New rules for 1987 brought sweeping change to the WRC. Manufacturers had to use cars with a minimum production volume of 5000 instead of the specials of Group B. If it wasn’t available off the showroom floor, you couldn’t take it rallying. Horse power limits were also imposed to bring back performance to a level where humans could drive it.

Group A

This was the dawning of Group A rally cars. Most manufacturers had to grab whatever they had in their ranges to take on the stages. The Italians were the most fortunate as they already had a 4WD turbo road car in their showrooms. The Lancia Delta would prove the benchmark for the next few years.

Producing a Group A rally car

It is very easy to dream up an ultimate fantasy rally car, however when it must be built from a road car the game changes. Design rules, safety, production costs and being able to sell the car at a profit all come into the equation.  Time was a major factor too. There’s usually a long process to get a new car to showrooms, 2-3 years is not uncommon.  Also there are millions required in design and development.  All of these issues now faced any car maker wanting to go rallying, particularly if they wanted to win.

More brands at the starting line

Thankfully several manufacturers saw the advantage of rallying and took up the mantle. It wasn’t until the early 90’s that a few factory teams were vying for the wins. Alongside Lancia; Mazda, Toyota, Mitsubishi, Subaru and Ford were the main contenders. Several others also dabbled with Group A such as Audi, BMW and Nissan. Gone from the entry lists were Renault & Peugeot.

Maturing category

With most factory teams fielding two or more works cars at each WRC round, the entry lists looked good at the pointy end. Privateers could also run similar cars if they had the budget. Showing how technology had progressed, the Group A rally cars were now also smashing the stage time records set by the Group B weapons. This was despite lower power outputs of 350 horsepower. Tyres, brakes and electronics were having the biggest impacts. For fans it also meant that they could walk into a dealership and buy a car similar to that of their rally hero.

The decline

Everything that goes up must come down and Group A was no exception. The mega costs to produce a road car that could be turned into a rally car were spiralling. For some manufacturers, sales of their flagship cars were declining. To recoup the costs of producing a specialised machine, the price tag was high. Ford most notably was struggling to sell its Escort Cosworth. Subaru probably did best with the sales of its WRC winning Impreza WRX. Other manufacturers had expressed an interest in entering Group A, however the costs were prohibitive.

The cycle starts again

After a decade, the writing was on the wall and 1996 was the last full year of Group A. After canvassing the manufacturers a new category was developed. The idea was to allow a special rally car that had to be based on a model in the current range. Horsepower would be limited and minimum weights applied. The category would allow freedoms in many areas including greater technology, however the lessons learned from Group B were applied.

World Rally Cars

As 1997 dawned Subaru and Ford were the early adopters of the new specs, modifying their existing Group A machines. Turbo charged 2 litre engines and four wheel drive were allowed along with electronically controlled transmissions. Many other developments would be added to the build sheets in years to come. Toyota brought out the first true world rally car during the 97 season in the form of the Corolla WRC. It looked like the FIA had the formula right when Hyundai, Seat, Citroen, Peugeot and Skoda joined in.

WRC evolution


Rule changes during the mid 00’s were designed to cut costs as manufacturers again complained of spiralling budgets. Engines now had to last two events and some of the electronics in the transmissions and suspension were removed. Other on event part replacements were restricted too.
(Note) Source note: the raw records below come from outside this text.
Lemma sup_grid_ge0 N h : 0 <= sup_grid N h.
Proof.
  unfold sup_grid. induction (map h (seq 0 (S N))) as [| y l IH]; simpl; [lra|].
  eapply Rle_trans; [exact IH | apply Rmax_r].
Qed.

Lemma sup_grid_le N h B : 0 <= B -> (forall x, (x <= N)%nat -> h x <= B) -> sup_grid N h <= B.
Proof.
  intros HB Hh. unfold sup_grid.
  assert (Hl : forall y, In y (map h (seq 0 (S N))) -> y <= B).
  { intros y Hy. apply in_map_iff in Hy. destruct Hy as [x [<- Hx]].
    apply in_seq in Hx. apply Hh. lia. }
  induction (map h (seq 0 (S N))) as [| y l IH]; simpl; auto.
  apply Rmax_lub; [apply Hl; left | apply IH; intros; apply Hl; right]; auto.
Qed.

Lemma is_lim_seq_sup_grid (h : nat -> nat -> R) (b : nat -> R) N0 :
  (forall N x, 0 <= h N x) -> (forall N x, (N0 <= N)%nat -> (x <= N)%nat -> h N x <= b N) ->
  is_lim_seq b 0 -> is_lim_seq (fun N => sup_grid N (h N)) 0.
Proof.
  intros Hpos Hb Hlim.
  apply is_lim_seq_le_le_loc with (u := fun _ => 0) (w := b); [| apply is_lim_seq_const | exact Hlim].
  exists N0. intros N HN. split; [apply sup_grid_ge0|].
  apply sup_grid_le; [eapply Rle_trans; [apply (Hpos N 0%nat) | apply Hb; lia]|].
  intros; apply Hb; auto.
Qed.

Lemma is_lim_seq_inv_INR : is_lim_seq (fun N => / INR N) 0.
Proof.
  replace (Finite 0) with (Rbar_inv p_infty) by reflexivity.
  apply is_lim_seq_inv; [apply is_lim_seq_INR | discriminate].
Qed.

Lemma is_lim_seq_Rpower_INR e : e < 0 -> is_lim_seq (fun N => Rpower (INR N) e) 0.
Proof.
  intros He. apply is_lim_seq_spec. intros eps.
  destruct (INR_unbounded (exp (ln eps / e))) as [N0 HN0].
  exists N0. intros N HN.
  assert (HNT : exp (ln eps / e) < INR N) by (eapply Rlt_le_trans; [exact HN0 | apply le_INR; lia]).
  rewrite Rminus_0_r, Rabs_right by (apply Rle_ge; left; apply exp_pos).
  unfold Rpower. rewrite <- (exp_ln eps) by apply cond_pos.
  apply exp_increasing.
  assert (Hln : ln (exp (ln eps / e)) < ln (INR N)) by (apply ln_increasing; [apply exp_pos | auto]).
  rewrite ln_exp in Hln.
  apply (Rmult_lt_compat_r (- e)) in Hln; [| lra].
  replace (ln eps / e * - e) with (- ln eps) in Hln by (field; lra). lra.
Qed.

Lemma is_lim_seq_Rpower_INR_plus_1_div beta : beta < 1 ->
  is_lim_seq (fun N => (Rpower (INR N) beta + 1) / INR N) 0.
Proof.
  intros Hbeta.
  apply is_lim_seq_ext_loc with (u := fun N => Rpower (INR N) (beta - 1) + / INR N).
  - exists 1%nat. intros N HN. assert (0 < INR N) by (apply lt_0_INR; lia).
    unfold Rminus. rewrite Rpower_plus, Rpower_Ropp, Rpower_1 by lra. field. lra.
  - replace (Finite 0) with (Rbar_plus 0 0) by (simpl; f_equal; ring).
    apply is_lim_seq_plus'; [apply is_lim_seq_Rpower_INR; lra | apply is_lim_seq_inv_INR].
Qed.

Section TestFunctionApproximation.

Variables alpha alphaL alphaR beta : R.
Hypothesis Halpha : 0 < alpha.
Hypothesis HalphaL : 0 < alphaL.
Hypothesis HalphaR : 0 < alphaR.
Hypothesis Hbeta : 0 <= beta < 1.
Variable G : R -> R.
Hypothesis HGc : cont_on_01 G.
Hypothesis HGS : in_S alpha G.

Local Notation F j := (sine_series (sine_coefs G) j).

Lemma derive_F j t : (j <= 2)%nat -> is_derive (F j) t (F (S j) t).
Proof. intros; apply is_derive_sine_series; [apply (sine_coefs_decay alpha) |]; auto. Qed.

Lemma Rabs_F_le j t : (j <= 3)%nat -> Rabs (F j t) <= Series (sine_majorant (sine_coefs G) j).
Proof. intros; apply Rabs_sine_series_le; [apply (sine_coefs_decay alpha) |]; auto. Qed.

Lemma GN_sub_G_le : exists C, forall N x, (4 <= N)%nat -> (x <= N)%nat ->
  Rabs (GN alpha alphaL alphaR beta (F 0) N x - G (INR x / INR N))
    <= C * ((Rpower (INR N) beta + 1) / INR N).
Proof.
  eexists. intros N x HN Hx.
  rewrite (eq_sine_series alpha G) by (auto; apply INR_div_INR_bounds; lia).
  eapply Rle_trans; [apply (Rabs_GN_sub_le alpha alphaL alphaR beta (F 0));
                     auto using sine_series_0_at_0, sine_series_0_at_1|].
  apply (correction_le alpha alphaL alphaR beta Halpha HalphaL HalphaR (F 0) (F 1))
    with (M1 := Series (sine_majorant (sine_coefs G) 1));
    auto using sine_series_0_at_0, sine_series_0_at_1, derive_F, Rabs_F_le; lra.
Qed.

Lemma genA_GN_sub_le : exists C, forall N x, (4 <= N)%nat -> (x <= N)%nat ->
  Rabs (genA alpha alphaL alphaR beta N (GN alpha alphaL alphaR beta (F 0) N) x
        - alpha * second_deriv01 G (INR x / INR N)) <= C * / INR N.
Proof.
  eexists. intros N x HN Hx.
  rewrite (second_deriv01_eq_sine_series alpha G) by (auto; apply INR_div_INR_bounds; lia).
  apply (Rabs_genA_GN_sub_le alpha alphaL alphaR beta Halpha HalphaL HalphaR (F 0) (F 1) (F 2) (F 3))
    with (M3 := Series (sine_majorant (sine_coefs G) 3));
    auto using sine_series_0_at_0, sine_series_0_at_1, sine_series_2_at_0, sine_series_2_at_1,
      derive_F, Rabs_F_le.
Qed.

End TestFunctionApproximation.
More rule changes followed in 2011. Engine sizes were reduced from 2L to 1.6L and turbo boost pressure was limited. Also many of the light weight however expensive materials such as titanium, magnesium and ceramics were banned. The use of carbon fibre was also restricted.

During the last two decades, 19 different models from 12 different manufacturers have been classified as World Rally Cars.

The cycle begins again

2016 again saw changes to the spec of cars for the following season. At least the name “World Rally Car” has not changed in 20 years, even if the actual vehicles are completely different.

There is however a slight rumbling with sentiments from 30 years ago.  In 2017 power outputs will be allowed to increase from 300 to 380HP and minimum weights will drop 25kg. Aerodynamics, some electronics and other enhancements are also permitted.

After a process of limiting performance for three decades, it seems the FIA has done somewhat of a back flip.

What does the future hold?

World rally cars have long broken the stage records set by Group B and Group A showing how fast they are. Despite all their heady speed, acceleration and traction, some think the cars need to go faster.

No doubt over the last 30 years safety and technology has advanced dramatically. What hasn’t changed is the human behind the wheel.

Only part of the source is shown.